UNE BIZARRERIE ORTHOGRAPHIQUE : LE CAS DU VERBE VENIR

Une particularité étonnante du verbe venir concerne son imparfait du subjonctif. Ce qui est étrange, c’est que la terminaison classique -sse est ajoutée au radical vin- et ce, sans modification. On se retrouve alors avec deux « s » là où un seul serait suffisant pour former le son « s ». Donc, d’une terminaison sans exception, on obtient tout simplement… une exception.

que je vinsse
que tu vinsses
(qu’il vînt)
que nous vinssions
que vous vinssiez
qu’ils vinssent

L’IMPARFAIT DU SUBJONCTIF DANS LES DÉFINITIONS DE MOTS CROISÉS

Certaines formes verbales conjuguées à l’imparfait du subjonctif peuvent (intentionnellement) prêter à confusion et induire le cruciverbiste en erreur quand elles sont utilisées en tant que définitions. Voici quelques exemples que vous pourrez éventuellement rencontrer :

LIÂSSE - BÂTISSE - FILASSE - FUMASSE - MÊLASSE - PÉTASSE - RAMASSE - TIRASSE -
CREVASSE - JAUNISSE - TERRASSE - CAILLASSE - GROGNASSE - PAILLASSE

FÛT - VÎT - CHÛT - FORÇÂT - FORMÂT - ISOLÂT - MANDÂT - PRIMÂT - SOLDÂT - CASTRÂT - CONTRÂT - CRACHÂT - HABITÂT - PLAGIÂT -
ATTENTÂT - INCARNÂT - INTERNÂT - POSTULÂT - RÉSULTÂT - SALARIÂT - CONCORDÂT


FAIRE RIRE AVEC L’IMPARFAIT DU SUBJONCTIF

Alphonse Allais (1854-1905) est un écrivain plein d'humour.

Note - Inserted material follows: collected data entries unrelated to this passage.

(* Let $D$ be a locatable digraph of order $n$. Then $\gamma_{OL}(D)=n$ if and only if $D$ can be constructed as follows. (1) Choose vertex-disjoint directed cycles $C_1,\dots,C_k$ (of orders $n_1+\dots+n_k=n$, loops and 2-cycles allowed) covering $V(D)$; these will be exactly the forcing arcs of $D$. For each vertex $v$, let $f^-(v)$ and $f^+(v)$ be the predecessor and successor of $v$ on its cycle. (2) Choose a partition $V(D)=V_d\cup V_l$ (the domination-forced and the location-forced vertices, respectively). (3) Construct a digraph $\mathcal{H}$ on $V(D)$ which is a disjoint union of vertex-disjoint rooted directed trees, such that the roots of the trees are precisely the vertices $f^+(x)$ with $x\in V_d$, and for every $x\in V_l$, the vertex $f^+(x)$ has an in-neighbour in $\mathcal{H}$. (4) The arc set of $D$ consists of the arcs of $C_1,\dots,C_k$ together with, for each tree $T$ of $\mathcal{H}$ and each vertex $v$ of $T$, an arc from $f^-(v)$ to every descendant of $v$ in $T$.
   Context: Digraphs are finite and may contain loops; between two distinct vertices there may be arcs in one or both directions, no repeated arcs. $N^-(v)=\{u: uv\text{ is an arc}\}$ (contains $v$ iff $v$ has a loop). An OLD set of $D$ is a set $S\subseteq V(D)$ such that every vertex has an in-neighbour in $S$ and for every two distinct vertices $u,w$ some vertex of $S$ lies in exactly one of $N^-(u),N^-(w)$. $D$ is locatable if it has an OLD set, and then $\gamma_{OL}(D)$ is the minimum size of an OLD set. A vertex $v$ is domination-forced if some vertex $w$ has $N^-(w)=\{v\}$; location-forced if there are distinct vertices $x,y$ with $N^-(x)\ominus N^-(y)=\{v\}$. An arc $xy$ is forcing if $N^-(y)=\{x\}$ or there is a vertex $z$ with $N^-(z)=N^-(y)\setminus\{x\}$. A rooted directed tree is a digraph without loops and directed 2-cycles whose underlying undirected graph is a tree, with a single source (the root) and all arcs oriented away from the root; a single vertex is allowed. The descendants of $v$ in $T$ are the vertices reachable from $v$ by a directed path in $T$. *)

(* A digraph on a finite vertex type V is given by its arc
   relation a : rel V (a u v <-> uv is an arc; loops allowed). *)
From mathcomp Require Import all_boot.
From mathcomp Require Import fingroup perm.
Set Implicit Arguments. Unset Strict Implicit. Unset Printing Implicit Defensive.

Section Digraphs.
Variable V : finType.

Definition in_nbhd (a : rel V) (v : V) : {set V} := [set u | a u v].

Definition is_OLD (a : rel V) (S : {set V}) : bool :=
  [forall v, exists u in S, u \in in_nbhd a v] &&
  [forall u, forall w, (u != w) ==>
     [exists s in S, (s \in in_nbhd a u) != (s \in in_nbhd a w)]].

Definition locatable (a : rel V) : Prop := exists S, is_OLD a S.

(* minimum size of an OLD set (the default #|V| is never smaller than any
   candidate, so for locatable digraphs this is the true minimum) *)
Definition gamma_OL (a : rel V) : nat :=
  \big[minn/#|V|]_(S : {set V} | is_OLD a S) #|S|.

(* h is a vertex-disjoint union of rooted directed trees spanning V:
   every vertex has at most one in-neighbour and there is no directed cycle
   (in particular no loops or 2-cycles). *)
Definition rooted_forest (h : rel V) : Prop :=
  (forall v, #|in_nbhd h v| <= 1) /\
  (forall u v, h u v -> ~~ connect h v u).

Definition is_root (h : rel V) (v : V) : bool := in_nbhd h v == set0.

Definition descendant (h : rel V) (v w : V) : bool := connect h v w.

End Digraphs.

(* gamma_OL(D) = n exactly when every vertex x is critical for the family
   {∅} ∪ {N^-(v) : v ∈ V}: two distinct members of the family differ only in x
   (for this family: x is domination- or location-forced). A critical vertex
   lies in every OLD set, and if x is not critical then V - x is an OLD set.
   If every vertex is critical, every x has a w with x ∈ N^-(w) and N^-(w) - x
   in the family. By Bondy's counting argument, if every vertex of X is critical
   for F then the traces A - X (A ∈ F) number at most |F| - |X|; for
   X = V - {x, y} and the n + 1 sets of the family this leaves at most 3 traces
   on {x, y}, whereas a w shared by x and y yields all 4 through N^-(w),
   N^-(w) - x, N^-(w) - y and ∅. So x ↦ w is a permutation f (the forcing arcs
   are x -> f x), and making the vertex with in-neighbourhood N^-(w) - f^-1(w)
   the parent of w gives a rooted forest in which u -> w is an arc iff w
   descends from f u.
   Conversely, in a digraph built this way N^-(f x) is {x} when f x is a root
   and N^-(p) + x for the parent p of f x otherwise, so every x is critical. *)

From mathcomp Require Import all_boot fingroup perm zify.
Set Implicit Arguments. Unset Strict Implicit. Unset Printing Implicit Defensive.

Lemma geq_bigmin (I : eqType) (r : seq I) (P : pred I) (F : I -> nat) d j :
  j \in r -> P j -> \big[minn/d]_(i <- r | P i) F i <= F j.
Proof.
elim: r => // i r IHr; rewrite inE big_cons => /predU1P[<- -> | rj Pj].
  exact: geq_minl.
case: ifP => _; last exact: IHr.
exact: leq_trans (geq_minr _ _) (IHr rj Pj).
Qed.

Lemma connect_homo (T : finType) (T' : Type) (e : rel T) (r : rel T') (m : T -> T') :
  reflexive r -> transitive r -> {homo m : x y / e x y >-> r x y} ->
  {homo m : x y / connect e x y >-> r x y}.
Proof.
move=> r_refl r_trans hom x y /connectP[p]; elim: p x => [x _ -> //|z p IHp x].
by case/andP=> exz pz yE; apply: r_trans (hom _ _ exz) (IHp z pz yE).
Qed.

Lemma connect_last (T : finType) (e : rel T) x y :
  connect e x y -> x = y \/ exists2 z, connect e x z & e z y.
Proof.
case/connectP=> p; case/lastP: p => [_ -> | p z]; first by left.
rewrite rcons_path last_rcons => /andP[px ez] ->; right.
by exists (last x p) => //; apply/connectP; exists p.
Qed.

Section SetFamilies.
Variable T : finType.
Implicit Types (A B X : {set T}) (F : {set {set T}}) (x y : T).

Lemma neq_set_mem A B : A != B -> exists s, (s \in A) != (s \in B).
Proof.
move=> neqAB; apply/existsP; apply: contraNT neqAB => /existsPn eqAB.
by apply/eqP/setP => s; apply/eqP; rewrite -[_ == _]negbK eqAB.
Qed.

Lemma setD1_eq_mem A B x s : A :\ x = B :\ x -> (s \in A) != (s \in B) -> s = x.
Proof. by move/setP/(_ s); rewrite !inE; case: eqP => //= _ ->; rewrite eqxx. Qed.

Definition critical F x : bool :=
  [exists A in F, exists B in F, (A != B) && (A :\ x == B :\ x)].

Lemma criticalP F x :
  reflect (exists A B, [/\ A \in F, B \in F, A != B & A :\ x = B :\ x])
          (critical F x).
Proof.
apply: (iffP existsP) => [[A /andP[FA /existsP[B /and3P[FB neqAB /eqP eqABx]]]]|].
  by exists A, B.
case=> A [B [FA FB neqAB eqABx]]; exists A; rewrite FA /=.
by apply/existsP; exists B; rewrite FB neqAB eqABx eqxx.
Qed.

Lemma critical_setD1 F x y :
  critical F y -> y != x -> critical [set A :\ x | A in F] y.
Proof.
case/criticalP=> A [B [FA FB neqAB eqABy]] yx; apply/criticalP.
exists (A :\ x), (B :\ x); split; [exact: imset_f | exact: imset_f | |].
  have [s dAB] := neq_set_mem neqAB; have sy := setD1_eq_mem eqABy dAB; subst s.
  by move: dAB; apply: contra_neq => /setP/(_ y); rewrite !inE yx.
by rewrite !setDDl setUC -!setDDl eqABy.
Qed.

Lemma card_imset_setD1_critical F x :
  critical F x -> #|[set A :\ x | A in F]| < #|F|.
Proof.
case/criticalP=> A [B [FA FB neqAB eqABx]].
rewrite ltn_neqAle leq_imset_card andbT.
by move: neqAB; apply: contra_neq => /eqP/imset_injP; apply.
Qed.

Lemma card_critical_traces F X :
  {in X, forall x, critical F x} -> #|X| + #|[set A :\: X | A in F]| <= #|F|.
Proof.
move Dn: #|X| => n; elim: n X F Dn => [|n IHn] X F cardX critX.
  by rewrite (cards0_eq cardX) add0n leq_imset_card.
have [x Xx] : exists x, x \in X by apply/card_gt0P; rewrite cardX.
have cardXx : #|X :\ x| = n by move: cardX; rewrite (cardsD1 x) Xx => -[].
have critXx : {in X :\ x, forall y, critical [set A :\ x | A in F] y}.
  by move=> y /setD1P[yx Xy]; apply: critical_setD1 (critX y Xy) yx.
have traces_setD1 :
    [set A :\: (X :\ x) | A in [set A :\ x | A in F]] = [set A :\: X | A in F].
  by rewrite -imset_comp; apply: eq_imset => A /=; rewrite setDDl setD1K.
have := IHn _ _ cardXx critXx; rewrite traces_setD1 addSn => le_traces.
exact: leq_ltn_trans le_traces (card_imset_setD1_critical (critX x Xx)).
Qed.

End SetFamilies.

Section NeighbourhoodFamily.
Variables (V : finType) (a : rel V).
Local Notation N := (in_nbhd a).
Implicit Types (S A B : {set V}) (u v w x : V).

Definition nbhd_family : {set {set V}} := set0 |: [set N v | v : V].

Lemma set0_nbhd_family : set0 \in nbhd_family.
Proof. exact: setU11. Qed.

Lemma mem_nbhd_family v : N v \in nbhd_family.
Proof. by apply/setU1P; right; apply: imset_f. Qed.

Lemma locatable_nbhd_neq0 v : locatable a -> N v != set0.
Proof.
case=> S /andP[/forallP/(_ v)/existsP[u /andP[_ uv]] _].
by apply/set0Pn; exists u.
Qed.

Lemma locatable_nbhd_inj : locatable a -> injective N.
Proof.
case=> S /andP[_ /forallP loc] u w eqN; apply/eqP; apply: contraT => uw.
have /existsP[s /andP[_]] := implyP (forallP (loc u) w) uw.
by rewrite eqN eqxx.
Qed.

Lemma card_nbhd_family : locatable a -> #|nbhd_family| = #|V|.+1.
Proof.
move=> loc; have N0 : set0 \notin [set N v | v : V].
  by apply/imsetP => -[v _ /esym/eqP]; apply/negP/locatable_nbhd_neq0.
by rewrite cardsU1 N0 card_imset //; apply: locatable_nbhd_inj.
Qed.

Lemma OLD_separates S A B :
    is_OLD a S -> A \in nbhd_family -> B \in nbhd_family -> A != B ->
  exists2 s, s \in S & (s \in A) != (s \in B).
Proof.
case/andP=> /forallP dom /forallP loc.
have sep_nbhd C v : C \in nbhd_family -> C != N v ->
    exists2 s, s \in S & (s \in C) != (s \in N v).
  case/setU1P=> [-> _ | /imsetP[u _ ->] neqN].
    by have /existsP[s /andP[Ss sv]] := dom v; exists s; rewrite // in_set0 sv.
  have uv : u != v by apply: contraNneq neqN => ->.
  by have /existsP[s /andP[Ss dN]] := implyP (forallP (loc u) v) uv; exists s.
move=> FA /setU1P[-> neqA0 | /imsetP[v _ ->]]; last exact: sep_nbhd.
case/setU1P: FA neqA0 => [-> | /imsetP[u _ ->]]; first by rewrite eqxx.
rewrite eq_sym => /(sep_nbhd _ _ set0_nbhd_family)[s Ss dN].
by exists s; rewrite // eq_sym.
Qed.

Lemma separates_OLD S :
    locatable a ->
    (forall A B, A \in nbhd_family -> B \in nbhd_family -> A != B ->
       exists2 s, s \in S & (s \in A) != (s \in B)) ->
  is_OLD a S.
Proof.
move=> loc sep; apply/andP; split.
  apply/forallP => v; have [|s Ss] := sep _ _ set0_nbhd_family (mem_nbhd_family v).
    by rewrite eq_sym locatable_nbhd_neq0.
  by rewrite in_set0; case sv: (s \in N v) => // _; apply/existsP; exists s; rewrite Ss.
apply/forallP => u; apply/forallP => w; apply/implyP => uw.
have [|s Ss dN] := sep _ _ (mem_nbhd_family u) (mem_nbhd_family w).
  by rewrite (inj_eq (locatable_nbhd_inj loc)).
by apply/existsP; exists s; rewrite Ss.
Qed.

Lemma critical_mem_OLD S x :
  is_OLD a S -> critical nbhd_family x -> x \in S.
Proof.
move=> OS /criticalP[A [B [FA FB neqAB eqABx]]].
have [s Ss dAB] := OLD_separates OS FA FB neqAB.
by rewrite -(setD1_eq_mem eqABx dAB).
Qed.

Lemma OLD_setC1 x : locatable a -> ~~ critical nbhd_family x -> is_OLD a [set~ x].
Proof.
move=> loc ncrit; apply: separates_OLD loc _ => A B FA FB neqAB.
have neqABx : A :\ x != B :\ x.
  by apply: contraNneq ncrit => eqABx; apply/criticalP; exists A, B.
have [s dABx] := neq_set_mem neqABx.
have sx : s != x by apply: contraNneq dABx => ->; rewrite !setD11.
by exists s; move: dABx; rewrite !inE sx.
Qed.

Lemma gamma_OL_le S : is_OLD a S -> gamma_OL a <= #|S|.
Proof. exact: geq_bigmin (mem_index_enum S). Qed.

Lemma gamma_OL_eq_card :
  locatable a -> gamma_OL a = #|V| <-> forall x, critical nbhd_family x.
Proof.
move=> loc; split=> [gam x | crit].
  apply: contraT => ncrit; have := gamma_OL_le (OLD_setC1 loc ncrit).
  have V_gt0 : 0 < #|V| by apply/card_gt0P; exists x.
  by rewrite gam cardsC1 -ltnS prednK // ltnn.
rewrite /gamma_OL; apply: (big_ind (fun m => m = #|V|)) => //.
  by move=> _ _ -> ->; apply: minnn.
move=> S OS; have -> : S = [set: V].
  by apply/setP => x; rewrite inE (critical_mem_OLD OS (crit x)).
exact: cardsT.
Qed.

On lui attribue (semble-t-il à tort) un poème dans lequel, pour se moquer de l'amoureux repoussé par une jeune fille, il utilise comme rimes des verbes conjugués au passé simple et à l'imparfait du subjonctif qui peuvent faire sourire du fait de leur désuétude :

COMPLAINTE AMOUREUSE
ADRESSÉE À LA DANSEUSE JANE AVRIL*

Oui dès l'instant que je vous vis
Beauté féroce, vous me plûtes
De l'amour qu'en vos yeux je pris
Sur-le-champ vous vous aperçûtes
Mais de quel air froid vous reçûtes
Tous les soins que pour vous je pris !
Combien de soupirs je rendis !
De quelle cruauté vous fûtes !
Et quel profond dédain vous eûtes
Pour les veux que je vous offris !
En vain, je priai, je gémis,
Dans votre dureté vous sûtes
Mépriser tout ce que je fis ;
Même un jour je vous écrivis
Un billet tendre que vous lûtes
Et je ne sais comment vous pûtes,
De sang-froid voir ce que je mis.

Ah ! Fallait-il que je vous visse
Fallait-il que vous me plussiez
Qu'ingénument je vous le disse
Qu'avec orgueil vous vous tussiez
Fallait-il que je vous aimasse
Que vous me désespérassiez
Et qu'enfin je m'opiniâtrasse
Et que je vous idolâtrasse
Pour que vous m'assassinassiez.

* Jane Avril était l’une des plus célèbres danseuses du Moulin Rouge à la Belle Époque.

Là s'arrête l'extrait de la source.